И вдруг мисс Кертис прервала его восторженные похвалы воздушному транспорту.
— Смотрите, мы движемся! — вскрикнула она и сунулась к окну у Нимрама за спиной. Вид у нее был такой изумленный, словно с места двинулся не самолет, а дом.
Нимрам тоже посмотрел в окно — мимо плыли желтые огни, по мокрому бетону взлетной полосы тянулись бело-голубые отсветы отдаленных неоновых надписей. В это время по внутреннему радио магнитофонный голос невидимой стюардессы принялся объяснять, как пользоваться кислородной маской и где расположены запасные двери; а их знакомая живая стюардесса, чуть округлив глаза и приоткрыв рот, мягкими жестами беззвучно указывала то туда, то сюда, похожая на азиатскую танцовщицу. Соседка Нимрама слушала с сумрачным безнадежным видом, как школьница, которая непоправимо запустила предмет и не в состоянии понять то, что объясняют на уроке. Маленькая рука на разделяющем их подлокотнике еще больше пожелтела.

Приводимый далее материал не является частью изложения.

Section HighestWeightVector.
Variables (K : fieldType) (d : nat) (v : bterm K) (l1 l2 : nat).
Hypothesis K0 : [pchar K] =i pred0.
Local Notation lam := (part2 l1 l2).
Hypothesis lam_out : forall i, (d <= i)%N -> lam i = 0%N.
Hypothesis v_hw : highest_weight_vector d lam v.
Hypothesis v_Fd : inFd d v.
Hypothesis le_l2l1 : (l2 <= l1)%N.
Implicit Types (y z w : nat -> K).

Lemma bpoly_v_local y y' z z' : (forall i, (i < d)%N -> y i = y' i) ->
  (forall i, (i < d)%N -> z i = z' i) -> bpoly v y z = bpoly v y' z'.
Proof. by case: v_Fd => s [s_lt [_ s_v]]; rewrite -!s_v; apply: bvars_lt_bpoly. Qed.

Lemma blin_v_out j : (d <= j)%N -> blin v j = 0.
Proof. by case: v_Fd => s [s_lt [s_v _]]; rewrite -s_v; apply: bvars_lt_blin. Qed.

Lemma dim_gt0 : (0 < d)%N.
Proof.
rewrite lt0n; apply/eqP => d0; case: v_hw => v_neq0 _ _; apply: v_neq0.
split=> [j|y z]; first by rewrite blin_v_out ?d0.
have [p p_E] := bpoly_dilate v y z.
by rewrite /= (@bpoly_v_local _ (fun i => 0 * y i) _ (fun i => 0 * z i)) ?d0 // p_E expr0n mul0r.
Qed.

Lemma bpoly_v_scale (P : pred nat) r y z : r != 0 -> (forall j, P j -> (j < d)%N) ->
  bpoly v (scale_coords P r y) (scale_coords P r z) =
  r ^+ (\sum_(i < d | P i) lam i) * bpoly v y z.
Proof.
move=> r0 Pd; case: v_hw => _ /(_ (scale_mx d P r)) v_torus _.
have [_ /(_ y z)] := v_torus (fun i => scale_mx_neq0 P i r0).
by rewrite glact_bpoly !glvec_scale // prod_scale_mx.
Qed.

Lemma blin_v_scale (P : pred nat) r j : r != 0 -> (forall k, P k -> (k < d)%N) ->
  (if P j then r else 1) * blin v j = r ^+ (\sum_(i < d | P i) lam i) * blin v j.
Proof.
move=> r0 Pd; case: v_hw => _ /(_ (scale_mx d P r)) v_torus _.
have [/(_ j) + _] := v_torus (fun i => scale_mx_neq0 P i r0).
rewrite glact_blin glvec_scale // prod_scale_mx /= => <-.
rewrite blin_blinv -blinvZ; congr blinv; apply: functional_extensionality => k.
rewrite /scale_coords /basis_vec; case: (eqVneq k j) => [->|_] /=.
  by case: (P j); rewrite mulr1.
by case: (P j); case: (P k); rewrite !mulr0.
Qed.

Lemma bpoly_v_shear s y z : (1 < d)%N ->
  bpoly v (shear_coords s y) (shear_coords s z) = bpoly v y z.
Proof.
move=> lt1d; case: v_hw => _ _ /(_ (shear_mx d s)) v_unip.
have [lower diag] := shear_mx_unitriangular d s.
by have [_ /(_ y z)] := v_unip lower diag; rewrite glact_bpoly !glvec_shear.
Qed.
Lemma sum_mffact_sub a b : (mdeg b <= mdeg a)%N ->
  (\sum_(i < n) a i * mffact (a - U_(i))%MM b = mffact a b * (mdeg a - mdeg b))%N.
Proof.
move=> hdeg; rewrite (eq_bigr _ (fun i _ => mffact_sub a b i)) -big_distrr /=.
case: (posnP (mffact a b)) => [->|pos]; first by rewrite !mul0n.
have hle i : (b i <= a i)%N.
  rewrite leqNgt; apply/negP => lt; move: pos.
  by rewrite /mffact (bigD1 i) //= ffact_small // mul0n.
congr (_ * _)%N; apply/eqP; rewrite -(eqn_add2r (mdeg b)) subnK // mdegE -big_split /=.
by rewrite mdegE; apply/eqP; apply: eq_bigr => j _; rewrite subnK.
Qed.

Lemma mcoeff_sumX_exprMX (R : comNzRingType) N a b : mdeg a = (N + mdeg b)%N ->
  (sumX R n ^+ N * 'X_[b])@_a * (mfact a)%:R = (N`! * mffact a b)%:R.
Proof.
elim: N a => [|N ih] a ha.
  rewrite expr0 mul1r mcoeffX fact0 mul1n.
  case: (eqVneq b a) => [->|nab].
    by rewrite mul1r /mfact /mffact; congr (_%:R); apply: eq_bigr => i _; rewrite ffactnn.
  rewrite mul0r; case: (boolP [exists i, (a i < b i)%N]) => [/existsP [i hi]|/existsPn h].
    by rewrite /mffact (bigD1 i) //= ffact_small // mul0n.
  by case/eqP: nab; apply/esym/mnm_eq_of_le_mdeg => // i; rewrite leqNgt; apply: h.
rewrite exprS -mulrA mcoeff_sumXM mulr_suml factS [(N.+1 * _)%N]mulnC -mulnA.
have -> : (N.+1 * mffact a b = \sum_(i < n) a i * mffact (a - U_(i))%MM b)%N.
  by rewrite sum_mffact_sub ?ha ?leq_addl // addnK mulnC.
rewrite big_distrr /= natr_sum; apply: eq_bigr => i _.
case: ifP => hi; last first.
  have -> : a i = 0%N by apply/eqP; rewrite eqn0Ngt hi.
  by rewrite mul0r mul0n muln0.
rewrite (mfact_sub hi) natrM mulrCA ih; first by rewrite -natrM; congr (_%:R); ring.
have e : a = ((a - U_(i)) + U_(i))%MM by rewrite submK // lep1mP -lt0n.
by move: ha; rewrite {1}e mdegD mdeg1 addn1 addSn => /eqP; rewrite eqSS => /eqP.
Qed.

End MultinomialFactorials.

Section ProductEstimates.
Variable R : numDomainType.

Lemma norm_prod_le1 (I : Type) (r : seq I) (F : I -> R) :
  (forall i, `|F i| <= 1) -> `|\prod_(i <- r) F i| <= 1.
Proof.
move=> h; elim: r => [|x r ih]; first by rewrite big_nil normr1.
by rewrite big_cons normrM mulr_ile1.
Qed.

Lemma norm_prodB_le (I : Type) (r : seq I) (F G : I -> R) :
  (forall i, `|F i| <= 1) -> (forall i, `|G i| <= 1) ->
  `|\prod_(i <- r) F i - \prod_(i <- r) G i| <= \sum_(i <- r) `|F i - G i|.
Proof.
move=> hF hG; elim: r => [|x r ih]; first by rewrite !big_nil subrr normr0.
rewrite !big_cons.
have -> : F x * \prod_(j <- r) F j - G x * \prod_(j <- r) G j =
  F x * (\prod_(j <- r) F j - \prod_(j <- r) G j) + (F x - G x) * \prod_(j <- r) G j by ring.
apply: le_trans (ler_normD _ _) _; rewrite !normrM addrC lerD //.
  by rewrite -[X in _ <= X]mulr1 ler_wpM2l ?norm_prod_le1.
by apply: le_trans ih; rewrite -[X in _ <= X]mul1r ler_wpM2r.
Qed.

Lemma prod_natrB (x k : nat) : \prod_(j < k) (x%:R - j%:R : R) = (x ^_ k)%:R.
Proof.
elim: k => [|k ih]; first by rewrite big_ord0.
rewrite big_ord_recr /= ih ffactnSr natrM.
by case: (leqP k x) => hk; [rewrite natrB | rewrite ffact_small // !mul0r].
Qed.

End ProductEstimates.

Section Polya.
Variables (R : archiRealFieldType) (n : nat).
Local Notation P := {mpoly R[n]}.
Implicit Types (a b : 'X_{1..n}).

Definition scaled_mffact (M : R) a b :=
  \prod_(i < n) \prod_(j < b i) ((a i)%:R / M - j%:R / M).

Lemma mffact_scaled (M : R) a b : M != 0 ->
  (mffact a b)%:R = M ^+ mdeg b * scaled_mffact M a b.
Proof.
move=> hM; rewrite /mffact natr_prod mdegE -prodrXr -big_split /=.
apply: eq_bigr => i _; rewrite -prod_natrB.
have -> : M ^+ b i = \prod_(j < b i) M by rewrite prodr_const card_ord.
by rewrite -big_split; apply: eq_bigr => j _ /=; field.
Qed.

Lemma mnm_le_mdeg a i : (a i <= mdeg a)%N.
Proof. by rewrite mdegE (bigD1 i) //= leq_addr. Qed.

Lemma scaled_mffact_approx (M : R) (a b : 'X_{1..n}) :
  0 < M -> (forall i, (a i)%:R <= M) -> (mdeg b)%:R <= M ->
  `|scaled_mffact M a b - \prod_(i < n) ((a i)%:R / M) ^+ b i|
    <= (mdeg b)%:R * (mdeg b)%:R / M.
Proof.
move=> hM haM hbM; set t := fun i => (a i)%:R / M.
have ht i : 0 <= t i <= 1.
  by rewrite /t divr_ge0 ?ler0n ?(ltW hM) //= ler_pdivrMr // mul1r.
have hj i (j : 'I_(b i)) : 0 <= j%:R / M <= (mdeg b)%:R / M.
  rewrite divr_ge0 ?ler0n ?(ltW hM) //= ler_pM2r ?invr_gt0 // ler_nat.
  exact: leq_trans (ltnW (ltn_ord j)) (mnm_le_mdeg b i).
have hbM' : (mdeg b)%:R / M <= 1 by rewrite ler_pdivrMr // mul1r.
have le1 (x : R) : 0 <= x <= 1 -> `|x| <= 1 by case/andP=> h0 h1; rewrite ger0_norm.
have hdiff i (j : 'I_(b i)) : `|t i - j%:R / M| <= 1.
  by rewrite ler_norml; have := ht i; have := hj i j; case/andP=> ? ? /andP[? ?]; lra.
have hpow i : t i ^+ b i = \prod_(j < b i) t i by rewrite prodr_const card_ord.
rewrite /scaled_mffact -/t; under [X in `|_ - X|]eq_bigr => i _ do rewrite hpow.
apply: le_trans (norm_prodB_le _ _ _) _ => [i|i|].
- by apply: norm_prod_le1 => j; apply: hdiff.
- by apply: norm_prod_le1 => j; apply/le1/ht.
rewrite -mulrA {1}mdegE natr_sum mulr_suml ler_sum // => i _.
apply: le_trans (norm_prodB_le _ _ _) _ => [j|j|]; [exact: hdiff | exact/le1/ht|].
have -> : (b i)%:R * ((mdeg b)%:R / M) = \sum_(j < b i) ((mdeg b)%:R / M).
  by rewrite sumr_const card_ord mulr_natl.
rewrite ler_sum // => j _.
rewrite addrAC subrr add0r normrN ger0_norm; by case/andP: (hj i j).
Qed.
(* Suppose the kernel $k$ satisfies $\int_\mathcal{G}k(gx,x')\,d\lambda(g)=\int_\mathcal{G}k(x,gx')\,d\lambda(g)$ for all $x,x'\in\mathcal{X}$. Let $\overline{\mathcal{H}}=\{f\in\mathcal{H}:f\text{ is }\mathcal{G}\text{-invariant}\}$ and $\mathcal{H}_\perp=\{f\in\mathcal{H}:\mathcal{O}f=0\}$, where $\mathcal{O}f(x)=\int_\mathcal{G}f(gx)\,d\lambda(g)$. Then $\mathcal{O}$ maps $\mathcal{H}$ into $\mathcal{H}$, and: - $\mathcal{H}$ admits the orthogonal decomposition $\mathcal{H}=\overline{\mathcal{H}}\oplus\mathcal{H}_\perp$ (orthogonality with respect to $\langle\cdot,\cdot\rangle_\mathcal{H}$); - $\overline{\mathcal{H}}$ is an RKHS with kernel $\bar k(x,y)=\int_\mathcal{G}k(x,gy)\,d\lambda(g)$; - $\mathcal{H}_\perp$ is an RKHS with kernel $k^\perp(x,y)=k(x,y)-\bar k(x,y)$.
   Context: $\mathcal{G}$ is a compact, second countable, Hausdorff topological group with Haar probability measure $\lambda$, acting measurably on a nonempty Polish space $\mathcal{X}$; $\mu$ is a $\mathcal{G}$-invariant Borel probability measure on $\mathcal{X}$ with $\mathrm{supp}\,\mu=\mathcal{X}$. $k:\mathcal{X}\times\mathcal{X}\to\mathbb{R}$ is a measurable symmetric positive definite kernel with RKHS $\mathcal{H}$ (inner product $\langle\cdot,\cdot\rangle_\mathcal{H}$), such that $k(\cdot,x)$ is continuous for all $x$ and $\sup_xk(x,x)<\infty$. $f$ is $\mathcal{G}$-invariant if $f(gx)=f(x)$ for all $g,x$. *)

From HB Require Import structures.
From mathcomp Require Import all_boot all_order all_algebra.
From mathcomp Require Import all_classical all_reals all_analysis.

Set Implicit Arguments.
Unset Strict Implicit.
Unset Printing Implicit Defensive.

Import Order.TTheory GRing.Theory Num.Theory.
Import numFieldNormedType.Exports.

Local Open Scope classical_set_scope.
Local Open Scope ring_scope.

Definition borelT (T : ptopologicalType) := g_sigma_algebraType (@open T).

Definition topological_group (G : ptopologicalType)
  (mul : G -> G -> G) (inv : G -> G) (e : G) : Prop :=
  [/\ (forall a b c, mul a (mul b c) = mul (mul a b) c),
      (forall a, mul e a = a /\ mul a e = a),
      (forall a, mul (inv a) a = e /\ mul a (inv a) = e),
      continuous (fun p : G * G => mul p.1 p.2) &
      continuous inv ].

Definition haar_probability (R : realType) (G : ptopologicalType)
  (mul : G -> G -> G) (lam : probability (borelT G) R) : Prop :=
  forall (g : G) (A : set (borelT G)), measurable A ->
    lam ((mul g) @` A) = lam A.

Definition polish (R : realType) (T : ptopologicalType) : Prop :=
  (exists d : T -> T -> R,
    [/\ (forall x y, 0 <= d x y),
        (forall x y, d x y = 0 <-> x = y),
        (forall x y, d x y = d y x),
        (forall x y z, d x z <= d x y + d y z) /\
        (forall U : set T, open U <->
           (forall x, U x -> exists2 r : R, 0 < r & [set y | d x y < r] `<=` U)) &
        (forall u : nat -> T,
           (forall eps : R, 0 < eps -> exists N, forall m n, (N <= m)%N -> (N <= n)%N ->
              d (u m) (u n) < eps) ->
           exists l : T, forall eps : R, 0 < eps -> exists N, forall n, (N <= n)%N ->
              d (u n) l < eps) ]) /\
  (exists2 D : set T, countable D & dense D).

Definition measurable_action (G X : ptopologicalType) (mul : G -> G -> G) (e : G)
  (act : G -> X -> X) : Prop :=
  [/\ (forall x, act e x = x),
      (forall g h x, act (mul g h) x = act g (act h x)) &
      measurable_fun [set: (borelT G * borelT X)%type]
        (fun p : (borelT G * borelT X)%type => (act p.1 p.2 : borelT X)) ].

Definition msupport (R : realType) (X : ptopologicalType)
  (mu : probability (borelT X) R) : set X :=
  [set x | forall U : set X, open U -> U x -> (0 < mu U)%E].

Definition pd_kernel (R : realType) (X : Type) (k : X -> X -> R) : Prop :=
  (forall x y, k x y = k y x) /\
  (forall (n : nat) (xs : 'I_n -> X) (c : 'I_n -> R),
     0 <= \sum_(i < n) \sum_(j < n) c i * c j * k (xs i) (xs j)).

Definition is_rkhs (R : realType) (X : Type) (H : set (X -> R))
  (ip : (X -> R) -> (X -> R) -> R) (k : X -> X -> R) : Prop :=
  let nrm := fun f : X -> R => Num.sqrt (ip f f) in
  [/\
      H (fun _ => 0) /\
      (forall f g, H f -> H g -> H (fun x => f x + g x)) /\
      (forall (a : R) f, H f -> H (fun x => a * f x)),
      (forall f g, H f -> H g -> ip f g = ip g f) /\
      (forall f g h, H f -> H g -> H h -> ip (fun x => f x + g x) h = ip f h + ip g h) /\
      (forall (a : R) f g, H f -> H g -> ip (fun x => a * f x) g = a * ip f g) /\
      (forall f, H f -> 0 <= ip f f) /\
      (forall f, H f -> ip f f = 0 -> f = (fun _ => 0)),
      (forall u : nat -> X -> R, (forall n, H (u n)) ->
         (forall eps : R, 0 < eps -> exists N, forall m n, (N <= m)%N -> (N <= n)%N ->
            nrm (fun x => u m x - u n x) < eps) ->
         exists2 f, H f & forall eps : R, 0 < eps -> exists N, forall n, (N <= n)%N ->
            nrm (fun x => u n x - f x) < eps),
      (forall x, H (fun y => k y x)) &
      (forall f x, H f -> ip f (fun y => k y x) = f x) ].
Lemma sufmin_swap_dominated N X q r s : q < r < s -> s < N ->
  X s < X q -> X s < X r ->
  forall j, sufmin (X \o swapn q r) N j = sufmin X N j.
Proof.
move=> /andP[qr rs] sN sq sr; elim/(downward_ind (N := N)) => j jN.
  by rewrite !sufmin_out.
move=> IH; rewrite !(sufminS _ jN) IH /swapn /=.
have [->|_] := eqVneq j q.
  by have := sufmin_le X (_ : q.+1 <= s < N); lia.
have [->|//] := eqVneq j r.
by have := sufmin_le X (_ : r.+1 <= s < N); lia.
Qed.

Lemma premax_swap_dominated X p q r : p < q < r ->
  X q < X p -> X r < X p ->
  forall n, premax (X \o swapn q r) n = premax X n.
Proof.
move=> /andP[pq qr] qp rp; elim=> [|n IH]; first by rewrite !premax0.
rewrite !premaxS IH /swapn /=.
have [->|_] := eqVneq n q; first by have := leq_premax X pq; lia.
have [->|//] := eqVneq n r.
by have := leq_premax X (_ : p < r); lia.
Qed.

Lemma sufmin_id N j : j < N -> sufmin id N j = j.
Proof.
elim/(downward_ind (N := N)): j => [j Nj jN|j jN IH _]; first lia.
rewrite sufminS //=; have [j1N|Nj1] := ltnP j.+1 N.
  by rewrite IH //; lia.
by rewrite sufmin_out //; lia.
Qed.

Lemma premax_id n : premax id n = n.-1.
Proof. by elim: n => [|n IH]; rewrite ?premax0 // premaxS IH /=; lia. Qed.

Definition run (a i : nat) := iota a.+1 (i - a).

Lemma run_nil a i : i <= a -> run a i = [::].
Proof. by move=> ia; rewrite /run (eqP ia). Qed.

Lemma run_cons a i : a < i -> run a i = a.+1 :: run a.+1 i.
Proof. by move=> ai; rewrite /run -subnSK. Qed.

Lemma run_cat a b i : a <= b <= i -> run a i = run a b ++ run b i.
Proof.
move=> abi; rewrite /run (_ : i - a = (b - a) + (i - b)) ?iotaD; last lia.
by rewrite (_ : a.+1 + (b - a) = b.+1) //; lia.
Qed.

Lemma run_rcons a i : a <= i -> run a i.+1 = rcons (run a i) i.+1.
Proof.
by move=> ai; rewrite (@run_cat a i) ?leqnSn ?ai // (@run_cons i) // (@run_nil i.+1) ?cats1.
Qed.

Lemma mem_run a i l : (l \in run a i) = (a < l <= i).
Proof. by rewrite /run mem_iota; lia. Qed.

Fixpoint nf (f : nat -> nat) (k : nat) : seq nat :=
  if k is k'.+1 then run (f k) k ++ nf f k' else [::].

Lemma nf_pred f k : nf f k = run (f k) k ++ nf f k.-1.
Proof. by case: k => //=; rewrite run_nil. Qed.

Lemma mem_nf f k l : l \in nf f k -> 0 < l <= k.
Proof. by elim: k => [|k IH] //=; rewrite mem_cat mem_run => /orP[|/IH]; lia. Qed.

Lemma eq_nf f g k : (forall j, j <= k -> f j = g j) -> nf f k = nf g k.
Proof.
elim: k => [|k IH] fg //=; rewrite fg // IH // => j jk; apply: fg; lia.
Qed.

Lemma nf_id k : nf id k = [::].
Proof. by elim: k => //= k ->; rewrite run_nil. Qed.

Definition admissible (f : nat -> nat) := (forall j, f j <= j) /\ {homo f : j k / j <= k}.

Definition phi_code (w : seq nat) : nat -> nat :=
  foldl (fun f i => f \o lowerat i) id w.

Lemma phi_code_rcons w i : phi_code (rcons w i) = phi_code w \o lowerat i.
Proof. by rewrite /phi_code foldl_rcons. Qed.

Lemma admissible_phi_code w : admissible (phi_code w).
Proof.
elim/last_ind: w => [|w i [le_f homo_f]]; first by split.
rewrite phi_code_rcons; split=> [j|j k jk] /=; rewrite /lowerat.
  by case: eqP => [->|_]; [have := le_f i.-1; lia | exact: le_f].
by apply: homo_f; do 2 case: eqP; lia.
Qed.

Section PresentedMonoid.

Variable N : nat.

Lemma phi_eq_refl u : phi_eq N u u.
Proof. exact: rst_refl. Qed.

Lemma phi_eq_sym u v : phi_eq N u v -> phi_eq N v u.
Proof. exact: rst_sym. Qed.

Lemma phi_eq_trans u v w : phi_eq N u v -> phi_eq N v w -> phi_eq N u w.
Proof. exact: rst_trans. Qed.

Lemma phi_eq_cat a b u v : phi_eq N u v -> phi_eq N (a ++ u ++ b) (a ++ v ++ b).
Proof.
elim=> [x y [u0 [v0 [a0 [b0 [H [-> ->]]]]]]|x|x y _|x y z _ IH1 _ IH2].
- by apply: rst_step; exists (a ++ u0), (v0 ++ b), a0, b0; rewrite !catA.
- exact: rst_refl.
- exact: rst_sym.
- exact: rst_trans IH2.
Qed.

— Не волнуйтесь, — сказал ей Нимрам. — Увидите, вам понравится.
Но она была так испугана, что не могла ни ответить, ни повернуть голову.
Тут взвыли на полной мощности моторы — почему-то их рев напомнил Нимраму вступительные аккорды брамсовской Первой симфонии, — и под окном, чуть справа, зажглись бортовые огни, ослепительно яркие, как прожектор или как головной фонарь паровоза, их лучи пронзали пелену дождя, словно могучим усилием воли заливая светом мокрый бетон впереди и внизу под крылом. Начался быстрый, яростный разгон перед взлетом. Нимрам, как заботливый дедушка, прикрыл руку девочки своей ладонью.
— Взгляните, — с улыбкой пригласил он ее, кивнув в сторону окна, но она еле заметно покачала головой и крепко зажмурилась.
И снова его, как и в первую минуту, поразило сходство. Он попытался припомнить, при каких обстоятельствах Арлина вот так же зажмуривала глаза. Ясно представил себе лицо жены — они были где-то на природе, возможно в Англии, — но конкретнее ничего не вырисовывалось, один только солнечный, зелеными разводами фон; и память, зашевелившаяся было в подполье сознания, не ожив, померкла. А музыка Брамса все звучала и звучала у него в голове, торжественная, величавая, искристая, как город в переливах огней, лучащихся далеко внизу за дождем. Самолет накренился, закачался, будто пароход на волнах, бортовой огонь врезался в клубящуюся мглу, высоко задралось огромное черное крыло, внезапно побелело в заоблачной вспышке молнии и снова стало черным, чернее прежнего. Потом самолет выровнялся, и пилот снова обратился по внутреннему радио к пассажирам. Но Нимрам, нахмурив по-бетховенски лоб, ничего не слышал. Самолет, подпрыгивая и скрипя, как старая колымага, продолжал набирать высоту, чтобы подняться над непогодой.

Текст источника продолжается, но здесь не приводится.